It burned! It burned! Oh God, it burned so bad!
As he screamed again and clutched his hand, he looked at Spike... and it didn’t matter that Spike was three feet tall and not as big as a mountain top, it didn’t matter that Spike was just a couple dozen pounds, instead of heavy as a house, and it didn’t matter that Spike’s mouth wasn’t big enough to gobble him down whole like the dragons of fairy tales. His eyes dripped hatred. His sharp claws were out. His pointed teeth were bared. And flames and smoke roiled and churned in his maw.

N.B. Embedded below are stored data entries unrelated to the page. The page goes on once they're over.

(* Let $\alpha\in(0,1)$ and $\nu\in\mathbb{N}$ with $2\nu>1/(1-\alpha)$, and let $K_{\alpha,\nu}(x)=\sum_{k=0}^{\infty}2^{-2\alpha\nu k}\phi(2^{2\nu k}x)$, where $\phi$ is the $2$-periodic function with $\phi(x)=|x|$ on $[-1,1]$. Then for every $x\in\mathbb{R}$ and every $\beta\in(\alpha,1]$, \[ \limsup_{t\to0}\frac{|K_{\alpha,\nu}(x+t)-K_{\alpha,\nu}(x)|}{|t|^{\beta}}=+\infty; \] hence $K_{\alpha,\nu}$ is at no point pointwise H\''older continuous of order $\beta$, and in particular (case $\beta=1$) $K_{\alpha,\nu}$ is differentiable at no point of $\mathbb{R}$. Moreover, for every $M\ge1$, \[ \limsup_{t\to0}\frac{1}{2M}\int_{-M}^{M}\left|\frac{K_{\alpha,\nu}(x+t)-K_{\alpha,\nu}(x)}{t}\right|dx=+\infty, \] so the difference quotients of $K_{\alpha,\nu}$ are unbounded in $L^1_{loc}(\mathbb{R})$ and the distributional derivative of $K_{\alpha,\nu}$ is not a signed (Radon) measure, i.e. $K_{\alpha,\nu}$ is not of locally bounded variation.
   Context: A function $f\in C^0(\mathbb{R})$ is called (pointwise) H\''older continuous of order $\beta$ at $x$ if there exist $r,C>0$ with $|f(y)-f(x)|\le C|y-x|^{\beta}$ for all $y\in[x-r,x+r]$. *)

From Stdlib Require Import Reals Lra List Sorted.
From Coquelicot Require Import Coquelicot.
Open Scope R_scope.

(* phi : the 2-periodic function with phi x = |x| on [-1,1],
   i.e. the distance from x to the nearest even integer.
   Int_part is the floor function. *)
Definition phi (x : R) : R := Rabs (x - 2 * IZR (Int_part ((x + 1) / 2))).

Definition K (alpha : R) (nu : nat) (x : R) : R :=
  Series (fun k : nat =>
    Rpower 2 (- (2 * alpha * INR nu * INR k)) * phi (2 ^ (2 * nu * k) * x)).

(* |t|^beta, with 0^beta = 0 (beta > 0 throughout) *)
Definition abs_pow (t beta : R) : R :=
  if Req_EM_T t 0 then 0 else Rpower (Rabs t) beta.

Definition holder_at (f : R -> R) (x beta : R) : Prop :=
  exists r C, 0 < r /\ 0 < C /\
    forall y, x - r <= y <= x + r -> Rabs (f y - f x) <= C * abs_pow (y - x) beta.

Definition limsup_at0_pinfty (g : R -> R) : Prop :=
  forall C r, 0 < r -> exists t, 0 < Rabs t < r /\ C < g t.

Fixpoint var_sum (f : R -> R) (l : list R) : R :=
  match l with
  | x :: ((y :: _) as t) => Rabs (f y - f x) + var_sum f t
  | _ => 0
  end.

Definition bounded_variation (f : R -> R) (a b : R) : Prop :=
  exists V, forall l : list R,
    (forall x, In x l -> a <= x <= b) -> Sorted Rle l -> var_sum f l <= V.

Definition locally_BV (f : R -> R) : Prop :=
  forall a b, a < b -> bounded_variation f a b.

(* With a = 2^(-2 alpha nu) and b = 2^(2 nu), K x = sum_k a^k phi (b^k x) and a b > 2.
   Take an increment h = ±1/(2 b^n) chosen so that b^n x and b^n (x + h) lie in one unit
   interval. Every term k > n is unchanged since b^k h is an even integer, the n-th term
   moves by exactly a^n/2, and the terms k < n move by at most a^n/(2 (a b - 1)) in total.
   Hence |K (x + h) - K x| >= c a^n with c > 0, i.e. a fixed fraction of |h|^alpha, which
   beats |h|^beta for beta > alpha. Summing this over the b^n cells of [0, 1] bounds both the
   L^1 norm of the difference quotient and the variation of K from below by c (a b)^n. *)
From Stdlib Require Import Reals Lra Lia ZArith List Sorted.
From Coquelicot Require Import Coquelicot.
Open Scope R_scope.

Lemma phi_eq_dist_even y p : Rabs (y - 2 * IZR p) <= 1 -> phi y = Rabs (y - 2 * IZR p).
Proof.
  intros Hyp. unfold phi. set (q := Int_part ((y + 1) / 2)).
  destruct (base_Int_part ((y + 1) / 2)) as [Hq1 Hq2]. fold q in Hq1, Hq2. clearbody q.
  apply Rabs_le_between in Hyp.
  assert (Hle : IZR (q - p) <= 1) by (rewrite minus_IZR; lra).
  assert (Hgt : IZR (q - p) > -1) by (rewrite minus_IZR; lra).
  apply le_IZR in Hle. apply Rgt_lt, lt_IZR in Hgt.
  assert (q = p \/ q = p + 1)%Z as [-> | ->] by lia; [reflexivity|].
  (* [q = p + 1] only when [y] is the odd integer [2p + 1], where both distances are 1. *)
  rewrite plus_IZR in *. assert (y = 2 * IZR p + 1) as -> by lra.
  rewrite Rabs_left, Rabs_right; lra.
Qed.

Lemma phi_floor_dist_le1 y : Rabs (y - 2 * IZR (Int_part ((y + 1) / 2))) <= 1.
Proof. destruct (base_Int_part ((y + 1) / 2)). apply Rabs_le; lra. Qed.

Lemma phi_le_dist_even y p : phi y <= Rabs (y - 2 * IZR p).
Proof.
  destruct (Rle_lt_dec 1 (Rabs (y - 2 * IZR p))).
  - pose proof (phi_floor_dist_le1 y). unfold phi. lra.
  - rewrite (phi_eq_dist_even y p); lra.
Qed.

Lemma phi_bounds y : 0 <= phi y <= 1.
Proof. split; [apply Rabs_pos | apply phi_floor_dist_le1]. Qed.

Lemma phi_periodic y m : phi (y + 2 * IZR m) = phi y.
Proof.
  pose proof (phi_floor_dist_le1 y). set (q := Int_part ((y + 1) / 2)) in *.
  rewrite (phi_eq_dist_even _ (q + m)); rewrite plus_IZR.
  - unfold phi. fold q. f_equal. ring.
  - replace (y + 2 * IZR m - 2 * (IZR q + IZR m)) with (y - 2 * IZR q) by ring. lra.
Qed.
(* Let $a_n$ be the number of Dyck paths of semilength $n\ge 1$ in which every descent has odd length, and let $g_0(z)=\sum_{n\ge1}a_n z^{2n}$. Then $$g_0=\frac{z\,v_1}{v_1^2-z^2}.$$ Moreover, writing $Z=z^2$, $g_0$ is a power series in $Z$ satisfying $$g_0=\frac{Z(1+g_0)}{1-Z^2(1+g_0)^2},\qquad\text{equivalently}\qquad Z^2g_0^3+2Z^2g_0^2-(1-Z-Z^2)\,g_0+Z=0,$$ so that $g_0=Z+Z^2+2Z^3+5Z^4+12Z^5+30Z^6+79Z^7+\cdots$.
   Context: A Dyck path is a finite sequence of up-steps $(1,1)$ and down-steps $(1,-1)$ starting at height $0$, never going below height $0$, and ending at height $0$; its semilength is half its number of steps. Only nonempty paths are considered. A descent is a maximal run of consecutive down-steps; its length is the number of down-steps in it. Let $v_1=v_1(z)$ denote the unique root $u$ of the cubic $$z u^3+(z^2-1)u^2-z^3u+z^2=0$$ which is a Laurent series in $z$ with $z\,v_1(z)\to1$ as $z\to0$. Its expansion begins $v_1=\frac1z-z-z^5-2z^7-4z^9-10z^{11}-\cdots$. The other two roots of the cubic tend to $0$ as $z\to0$. *)

From mathcomp Require Import all_boot all_order all_algebra.
Set Implicit Arguments. Unset Strict Implicit. Unset Printing Implicit Defensive.
Import GRing.Theory Num.Theory.
Local Open Scope ring_scope.

(** * Dyck paths, encoded as boolean words: true = up-step, false = down-step *)

Fixpoint dyck_from (h : nat) (s : seq bool) : bool :=
  match s with
  | [::] => h == 0%N
  | true :: s' => dyck_from h.+1 s'
  | false :: s' => (0 < h)%N && dyck_from h.-1 s'
  end.

Definition is_dyck (s : seq bool) : bool := dyck_from 0 s.

Fixpoint descents_aux (cur : nat) (s : seq bool) : seq nat :=
  match s with
  | [::] => if (0 < cur)%N then [:: cur] else [::]
  | false :: s' => descents_aux cur.+1 s'
  | true :: s' => if (0 < cur)%N then cur :: descents_aux 0 s' else descents_aux 0 s'
  end.

Definition descents (s : seq bool) : seq nat := descents_aux 0 s.

Definition a_count (n : nat) : nat :=
  #|[pred t : (n.*2).-tuple bool | is_dyck t && all odd (descents t)]|.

The little boy had disappeared. Before Lero now stood a creature of myth. On Earth; a metaphor for the unending destruction of fire, the fear of the alien reptile, and the unending consumption of greed. In Equestria; very real, capable of chewing rubies and bathing in molten lava. And here Lero was, soft and cookable, in a house made of wood and filled with thousands upon thousands of very flammable books. Spike had the power — he had ALWAYS had the power! — to burn this whole house down around him, with Lero in it, and he could just walk away unharmed from the blazing wreckage.
“If you EVER point those fingers at me like that again,” seethed the dragon whose greatest treasure Lero had stolen, “I swear on everything Rarity was that I’ll BITE THEM RIGHT OFF!!!”
His index finger had gotten the worst of it; it pained him most, and looked ugliest. But the rest of the burn on Lero’s right hand was only slightly less of a blistered, swollen red mass. The nerves in his hand were still screaming in agony at him, the fire might as well still be upon it.
“What... what are you going to do, Spike?” he asked, attempting to keep his voice steady, but the strain and shakiness from his pain and fear relentlessly seeping in. He backed away slowly from the enraged baby dragon now stalking towards him. “Are you gonna kill me?”
“Oh, the thought HAS crossed my mind.” Seething billows of hot smoke poured from between Spike’s tightly clenched and very pointy teeth. Lero could vividly imagine his throat being simultaneously clamped down upon and chargrilled.
“Spike, please, you’ve got to listen to me...!”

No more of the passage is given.